The three major takeaways from the study, as summarized by the researchers, are:

  1. “Outrage expression on Twitter can be explained, in part, by variation in social feedback that people receive via the platform.”

  2. “Users are more likely to express outrage in more ideologically extreme social networks.

  3. “In more ideologically extreme social networks, users’ outrage expression behavior is less sensitive to social feedback.”

This really is such an important study. William Brady, interviewed by the Yale News said, “This is the first evidence that some people learn to express more outrage over time because they are rewarded by the basic design of social media.” And it is crucial evidence, to be sure.

Molly Crockett, another of the researchers, said in that same Yale News article:

Amplification of moral outrage is a clear consequence of social media’s business model, which optimizes for user engagement.
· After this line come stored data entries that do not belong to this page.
(* Let $p>q\geq 2$ be relatively prime integers with $p\geq 2q-1$. For every $d\in A_q$ let $k_d\in A_p$ and $j_d\in A_q$ be the unique elements with $k_dq\equiv d\pmod p$ and $k_dq=j_dp+d$. If $wab\in L(q,p)$ for some word $w$ over $A_{pq}$ and digits $a,b\in A_{pq}$ with $a\equiv k_d\pmod p$, then $b\equiv j_d\pmod q$.
   Context: For an integer $n>1$, $A_n=\{0,1,\dots,n-1\}$. For relatively prime integers $r,s\geq2$ define $g_{r,s}:A_{rs}\times A_{rs}\to A_{rs}$ by writing $x=x_1s+x_0$, $y=y_1s+y_0$ with $x_0,y_0\in A_s$, $x_1,y_1\in A_r$ (uniquely), and $g_{r,s}(x,y)=x_0r+y_1$; and $F_{r,s}:A_{rs}^{\mathbb{Z}}\to A_{rs}^{\mathbb{Z}}$ by $F_{r,s}(c)(i)=g_{r,s}(g_{r,s}(c(i-1),c(i)),g_{r,s}(c(i),c(i+1)))$. $F_{r,s}$ is a bijection with inverse $F_{s,r}$, so $F_{r,s}^n$ is defined for $n\in\mathbb{Z}$. The trace is $\mathrm{tr}_{r,s}(c)=(F_{r,s}^n(c)(1))_{n\in\mathbb{Z}}$, and $L(r,s)$ is the set of all finite words $u(1)\cdots u(m)$ ($m\geq0$) over $A_{rs}$ such that for some $c\in A_{rs}^{\mathbb{Z}}$ and $n_0\in\mathbb{Z}$ we have $u(j)=\mathrm{tr}_{r,s}(c)(n_0+j)$ for $1\leq j\leq m$. Here $L(q,p)$ refers to traces with respect to $F_{q,p}$. *)

From mathcomp Require Import all_boot all_order all_algebra.
Set Implicit Arguments. Unset Strict Implicit. Unset Printing Implicit Defensive.
Import GRing.Theory Num.Theory.

(* Configurations c : Z -> A_n are functions int -> nat; validity (values < n)
   is imposed separately where needed. *)
Definition config := int -> nat.

Definition valid_config (n : nat) (c : config) : Prop := forall i : int, c i < n.

Definition g (r s : nat) (x y : nat) : nat := (x %% s) * r + y %/ s.

Definition F (r s : nat) (c : config) : config :=
  fun i => g r s (g r s (c (i - 1)%R) (c i)) (g r s (c i) (c (i + 1)%R)).

(* F_{r,s}^n for n in Z, with F_{r,s}^{-1} = F_{s,r}. *)
Definition Fpow (r s : nat) (n : int) (c : config) : config :=
  match n with
  | Posz m => iter m (F r s) c
  | Negz m => iter m.+1 (F s r) c
  end.

Definition tr (r s : nat) (c : config) (n : int) : nat := Fpow r s n c 1%R.

(* L(r,s): finite words u(1)...u(m) that occur in some trace:
   u(j) = tr_{r,s}(c)(n0 + j) for 1 <= j <= m. Words are 0-indexed seqs. *)
Definition inL (r s : nat) (u : seq nat) : Prop :=
  exists c : config, valid_config (r * s) c /\
  exists n0 : int, forall j : nat, j < size u ->
    nth 0 u j = tr r s c (n0 + (j.+1)%:Z)%R.

(** Two consecutive letters of a trace are [F(c)(1)] and [c(1)] or [c(1)] and
    [F(c)(1)], for a suitable configuration [c] and [F] one of [F_{q,p}],
    [F_{p,q}]. In both cases the residue [j] of the second letter is read off
    from a number of the form [k q + u] with [u < q]: since [k q = j p + d] and
    [d + u < 2q - 1 <= p], its quotient by [p] is [j]. *)
From mathcomp Require Import all_boot all_order all_algebra zify.
Import GRing.Theory.

Set Implicit Arguments.
Unset Strict Implicit.

Lemma g_mod r s x y : y < r * s -> g r s x y %% r = y %/ s.
Proof.
move=> hy; have s0 : 0 < s by case: s hy => //; rewrite muln0.
by rewrite /g modnMDl modn_small // ltn_divLR.
Qed.

Lemma g_div r s x y : y < r * s -> g r s x y %/ r = x %% s.
Proof.
move=> hy; have s0 : 0 < s by case: s hy => //; rewrite muln0.
have r0 : 0 < r by case: r hy.
by rewrite /g divnMDl // divn_small ?addn0 // ltn_divLR.
Qed.

Lemma g_lt r s x y : y < r * s -> g r s x y < r * s.
Proof.
move=> hy; have s0 : 0 < s by case: s hy => //; rewrite muln0.
have hx : x %% s < s by rewrite ltn_mod.
have hys : y %/ s < r by rewrite ltn_divLR.
rewrite /g; nia.
Qed.

Lemma F_valid r s c : valid_config (r * s) c -> valid_config (r * s) (F r s c).
Proof. by move=> hc i; apply/g_lt/g_lt. Qed.

Lemma iter_F_valid r s n c :
  valid_config (r * s) c -> valid_config (r * s) (iter n (F r s) c).
Proof. by move=> hc; elim: n => //= n IH; apply: F_valid. Qed.

Lemma F_mod r s c i : valid_config (r * s) c ->
  F r s c i %% r = g r s (c i) (c (i + 1)%R) %/ s.
Proof. by move=> hc; rewrite /F g_mod // g_lt. Qed.

Lemma Fpow_Negz_add1 r s m c : Fpow r s (Negz m + 1)%R c = iter m (F s r) c.
Proof. by case: m => // m; rewrite (_ : (Negz m.+1 + 1)%R = Negz m) //; lia. Qed.

Lemma tr_add1 r s c n : valid_config (r * s) c ->
  exists2 c', valid_config (r * s) c' &
    (tr r s c n = c' 1%R /\ tr r s c (n + 1)%R = F r s c' 1%R) \/
    (tr r s c n = F s r c' 1%R /\ tr r s c (n + 1)%R = c' 1%R).
Proof.
move=> hc; case: n => m.
- exists (iter m (F r s) c); first exact: iter_F_valid.
  by left; rewrite /tr (_ : (Posz m + 1)%R = Posz m.+1) // -addn1 PoszD.
- exists (iter m (F s r) c); first by rewrite mulnC; apply/iter_F_valid; rewrite mulnC.
  by right; rewrite /tr Fpow_Negz_add1.
Qed.

Lemma inL_last_two r s w a b : inL r s (w ++ [:: a; b]) ->
  exists2 c, valid_config (r * s) c &
    exists n, a = tr r s c n /\ b = tr r s c (n + 1)%R.
Proof.
case=> c [hc [n0 hw]]; exists c => //; exists (n0 + (size w).+1%:Z)%R.
have := hw (size w); have := hw (size w).+1.
rewrite !nth_cat ltnn (ltn_geF (leqnSn (size w).+1)) subSn // subnn /=.
rewrite size_cat addn2 -addrA -PoszD addn1.
by move=> -> // ->.
Qed.

Section ResidueTransfer.

Variables p q d k j : nat.
Hypotheses (hp : 2 * q - 1 <= p) (hd : d < q) (hkj : k * q = j * p + d).

Lemma divn_kq_add u : u < q -> (k * q + u) %/ p = j.
Proof.
move=> hu; have p0 : 0 < p by lia.
by rewrite hkj -addnA divnMDl // divn_small ?addn0 //; lia.
Qed.

Lemma F_qp_mod c : valid_config (q * p) c -> c 1%R %% p = k -> F q p c 1%R %% q = j.
Proof.
move=> hc hk; have p0 : 0 < p by lia.
rewrite F_mod // /g hk divn_kq_add // ltn_divLR //; exact: hc.
Qed.

Lemma F_pq_mod c : valid_config (p * q) c -> F p q c 1%R %% p = k -> c 1%R %% q = j.
Proof.
move=> hc; rewrite F_mod //; set v := g p q _ _ => hv.
have hv_lt : c (1 + 1)%R < p * q by apply: hc.
have v_eq : v = k * q + v %% q by rewrite {1}(divn_eq v q) hv.
by rewrite -(g_div (c 1%R) hv_lt) -/v v_eq divn_kq_add // ltn_mod; lia.
Qed.

End ResidueTransfer.

Unset Implicit Arguments.

Theorem lemma5 (p q : nat) (hq : 2 <= q) (hqp : q < p) (hcop : coprime p q)
  (hp : 2 * q - 1 <= p)
  (d k j : nat) (hd : d < q) (hk : k < p) (hj : j < q)
  (hkmod : k * q = d %[mod p]) (hkj : k * q = j * p + d)
  (w : seq nat) (a b : nat)
  (hw : all (fun x => x < p * q) w) (ha : a < p * q) (hb : b < p * q)
  (hL : inL q p (w ++ [:: a; b]))
  (hak : a = k %[mod p]) :
  b = j %[mod q].
Proof.
rewrite (modn_small hj) (modn_small hk) in hak *.
have [c hc [n [ea eb]]] := inL_last_two hL.
rewrite {}eb; rewrite {}ea in hak.
have [c' hc' [[ea ->] | [ea ->]]] := tr_add1 n hc; rewrite {}ea in hak.
- exact: (F_qp_mod hp hd hkj hc' hak).
- by apply: (F_pq_mod hp hd hkj _ hak); rewrite mulnC.
Qed.
Theorem proposition1 (R : rcfType) (p : nat) (C : 'M[R]_p) (w : 'cV[R]_p)
  (mu : R) (u : R -> 'cV[R]_p) (uhat : 'cV[R]_p) :
  posdef C -> 0 < mu ->
  (forall tau : R, 0 < tau -> solves_eq C w mu tau (u tau)) ->
  conv_infty u uhat ->
  (* no transition coordinates: |uhat_j| < mu for j in I^c *)
  (forall j : 'I_p, xvec C w uhat j 0 = 0 -> `|uhat j 0| < mu) ->
  exists K T : R, forall tau : R, 0 < tau -> T <= tau ->
    forall i j : 'I_p,
      `|Emat C mu tau (u tau) i j|
        <= K * (if (xvec C w uhat i 0 == 0) && (xvec C w uhat j 0 == 0)
                then tau else 1).
Proof.
(* The upper bounds hold without the no-transition hypothesis. *)
move=> pC mu0 solu cvu _.
have [T hT] := Dweights_eventually_le mu0 solu cvu.
set xh := xvec C w uhat; set c := l1norm C.
set N := (\sum_i `|invmx C i i|) *+ p *+ p; set delta := \sum_k 4 / xh k 0 ^+ 2.
have c0 : 0 <= c := l1norm_ge0 C.
have N0 : 0 <= N by rewrite !mulrn_wge0 ?sumr_ge0.
have delta0 k : 0 <= 4 / xh k 0 ^+ 2 by rewrite divr_ge0 ?sqr_ge0.
have delta_ge0 : 0 <= delta by apply: sumr_ge0 => k _.
pose K := c + c * N * c + delta * (N * c).
exists K, T => tau tau0 Ttau i j.
set d := Dweights mu tau (u tau); rewrite Emat_Emx -/d.
have d0 := Dweights_ge0 mu (u tau) (ltW tau0).
have uCD := posdef_unitmx (posdef_add_diag pC d0).
have normN := l1norm_invmx_add_diag_le pC d0.
have I_bound k : xh k 0 != 0 -> tau * d 0 k * (N * c) <= K.
  move=> xk; apply: le_trans (_ : delta * (N * c) <= _); last first.
    by rewrite lerDr addr_ge0 ?mulr_ge0.
  by rewrite ler_wpM2r ?mulr_ge0 // (le_trans (hT _ tau0 Ttau k xk)) ?ler_term_sum.
have [_|xi] := eqVneq (xh i 0) 0; last first.
  rewrite mulr1.
  exact: le_trans (Emx_entry_le_row (ltW tau0) normN _ (d0 i)) (I_bound i xi).
have [_|xj] := eqVneq (xh j 0) 0; last first.
  rewrite andbF mulr1.
  exact: le_trans (Emx_entry_le_col uCD (ltW tau0) normN _ (d0 j)) (I_bound j xj).
rewrite /= mulrC; apply: le_trans (Emx_entry_le uCD (ltW tau0) normN i j) _.
by rewrite ler_wpM2l ?(ltW tau0) // lerDl !mulr_ge0.
Qed.
(* A simple graph on vertex set X is given by its edge set: a set of
   2-element subsets of X. *)
Definition graph := {set {set X}}.

Definition is_simple_graph (G : graph) : Prop :=
  forall e, e \in G -> #|e| = 2%N.

Definition complete_graph : graph := [set e : {set X} | #|e| == 2%N].

Definition adj (G : graph) : rel X := fun x y => [set x; y] \in G.

Definition edge_w (d : X -> X -> R) (e : {set X}) : R :=
  match [pick x in e] with
  | Some x => match [pick y in e :\ x] with
              | Some y => d x y
              | None => 0
              end
  | None => 0
  end.

Definition weight (d : X -> X -> R) (T : graph) : R := \sum_(e in T) edge_w d e.

Definition connected (G : graph) : Prop := forall x y, connect (adj G) x y.

Definition acyclic (G : graph) : Prop :=
  ~ exists c : seq X, [/\ uniq c, (3 <= size c)%N & cycle (adj G) c].

Definition spanning_tree (T : graph) : Prop :=
  [/\ T \subset complete_graph, connected T & acyclic T].

Definition is_MST (d : X -> X -> R) (T : graph) : Prop :=
  spanning_tree T /\ (forall T', spanning_tree T' -> weight d T <= weight d T').

Definition clique (G : graph) (C : {set X}) : Prop :=
  forall x y, x \in C -> y \in C -> x != y -> [set x; y] \in G.

Definition maximal_clique (G : graph) (C : {set X}) : Prop :=
  clique G C /\ (forall D, clique G D -> C \subset D -> D = C).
Given that moral outrage plays a crucial role in social and political change, we should be aware that tech companies, through the design of their platforms, have the ability to influence the success or failure of collective movements.

An important caution to be sure. We should be aware of the incredibly powerful role of platforms to give preference to certain movements over others.

Friends Don’t Let Friends Farm Outrage for Attention

I want to be careful to not say that expressing moral outrage on social media is always wrong. I’m sure there are some instances in which it is somehow helpful to virtually express our anger at injustices or other wrongs people are committing.

I have not yet achieved the ideal, healthy relationship I hope to one day have with the social internet, but I think one aspect in which I have really grown over the last seven years or so is to not get mad online at the vast injustices of the world. It can be therapeutic, to be sure. But I found years ago that, too often, I was expressing moral outrage to accrue attention from the masses and receive affirmation from my peers. What a selfish reason to decry injustices online.

It is obviously quite difficult to discern others’ motives on social media, so I ask you to take great care with what I am about to suggest.

I want to encourage you to have relationships with your friends that allow for you to call each other out if you see one another using some worldly tragedy of injustice or immorality to possibly farm attention for yourselves. There are people in my life who have the freedom to call me out in this way (and have!), and I have called a few friends out for this, too (in love).

Friends don’t let friends farm moral outrage and injustice for attention.

In our own Christian social media ecosystem, it is so easy to observe that hundreds of fellow Christians have expressed their outrage about a topic, decide that we suddenly care about this topic when it hadn’t ever crossed our minds before, tweet our outrage about that topic, and reap the dopamine-laden rewards of likes and retweets.

Let’s genuinely pray and ask that the Holy Spirit would convict us if we engage in this sort of activity for our own gain.

To call out and attempt to reconcile the injustices of our communities is to follow Christ. To tweet about the moral atrocities of the world for our own gain is reprehensible. Because we are so easily deceived by our own sin, we may have a hard time recognizing whether our moral outrage online is Christlike and restorative, or self-serving and performative.

May God give us hearts that are less interested in expressing our moral outrage for our own gain and more interested reconciling injustices for others’ good.